Venezuela dubs Beal launch deal "unfriendly"


Guyana Chronicle
May 30, 2000


CARACAS, CANA-Reuters - Venezuela yesterday escalated a diplomatic rift with Guyana, branding as "unfriendly" the granting of a concession for a commercial rocket-launch site in an area subject to a long-standing territorial dispute.

The South American neighbours have been at odds for decades over the sparsely populated Essequibo, a 61,500-square mile (159,000-sq km) mineral-rich area the size of Florida.

Venezuelan Foreign Minister Jose Vicente Rangel expressed his "firm protest" over the space centre deal signed earlier this month with a Texas-based private company.

In a letter sent to his Guyanese counterpart Clement Rohee and published by the ministry, Rangel "rejected this unfriendly act, which hampers a practical and satisfactory solution to the territorial dispute between our two countries."

Dallas-based Beal Aerospace Technology Inc plans to initially invest at least $100 million in construction of the site and does not anticipate to launch a rocket from Guyana for another three or four years.

Rangel said he hoped Guyana would "review its policy of concessions in the disputed area", which covers about 75 per cent of the territory of Guyana, a former British colony.

He asked Rohee to agree to a meeting as soon as possible to discuss an issue which the Venezuelan Foreign Ministry first mentioned last week when it deplored the Beal deal.

Beal Aerospace Vice President David Spoede told Reuters last week that his company was "very concerned and would have preferred to locate the facility in an undisputed territory".

He explained the Essequibo location was chosen because of Guyana's sparse population and its proximity to the equator, allowing rockets to send heavier payloads into space.
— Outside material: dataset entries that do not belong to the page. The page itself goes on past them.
Lemma meet_det_neq_r b1 b2 b3 b4 : meet_det b1 b2 b3 b4 <> 0 -> b3 <> b4.
Proof. intros H E; subst; apply H; unfold meet_det, cross, psub; simpl; ring. Qed.

Section RealContinuity.
Context {T : UniformSpace}.

Lemma continuous_Rplus (f g : T -> R) z :
  continuous f z -> continuous g z -> continuous (fun y => f y + g y) z.
Proof. exact (@continuous_plus T R_AbsRing R_NormedModule f g z). Qed.

Lemma continuous_Rminus (f g : T -> R) z :
  continuous f z -> continuous g z -> continuous (fun y => f y - g y) z.
Proof. exact (@continuous_minus T R_AbsRing R_NormedModule f g z). Qed.

Lemma continuous_Rmult (f g : T -> R) z :
  continuous f z -> continuous g z -> continuous (fun y => f y * g y) z.
Proof. exact (@continuous_mult T R_AbsRing f g z). Qed.

Lemma continuous_Ropp (f : T -> R) z : continuous f z -> continuous (fun y => - f y) z.
Proof. exact (@continuous_opp T R_AbsRing R_NormedModule f z). Qed.

Lemma continuous_Rinv_comp (f : T -> R) z :
  continuous f z -> f z <> 0 -> continuous (fun y => / f y) z.
Proof. intros. apply (continuous_comp f Rinv); auto. apply continuous_Rinv; auto. Qed.

End RealContinuity.

Lemma continuous_fst_at {U V : UniformSpace} (z : U * V) : continuous fst z.
Proof. destruct z; apply continuous_fst. Qed.

Lemma continuous_snd_at {U V : UniformSpace} (z : U * V) : continuous snd z.
Proof. destruct z; apply continuous_snd. Qed.

Lemma continuous_fst_comp {T U V : UniformSpace} (f : T -> U * V) z :
  continuous f z -> continuous (fun y => fst (f y)) z.
Proof. intro. apply (continuous_comp f fst); auto. apply continuous_fst_at. Qed.

Lemma continuous_snd_comp {T U V : UniformSpace} (f : T -> U * V) z :
  continuous f z -> continuous (fun y => snd (f y)) z.
Proof. intro. apply (continuous_comp f snd); auto. apply continuous_snd_at. Qed.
Paris-based Arianespace launches its Ariana rocket series from the European Space Agency Centre in Kourou, French Guiana, a territory that borders Guyana's eastern neighbour, Suriname.

Venezuela's claim on Essequibo, probably the last major territorial dispute in the Americas, is rooted in 19th century colonial history but was revived last year by President Hugo Chavez's left-wing and fiercely nationalist government.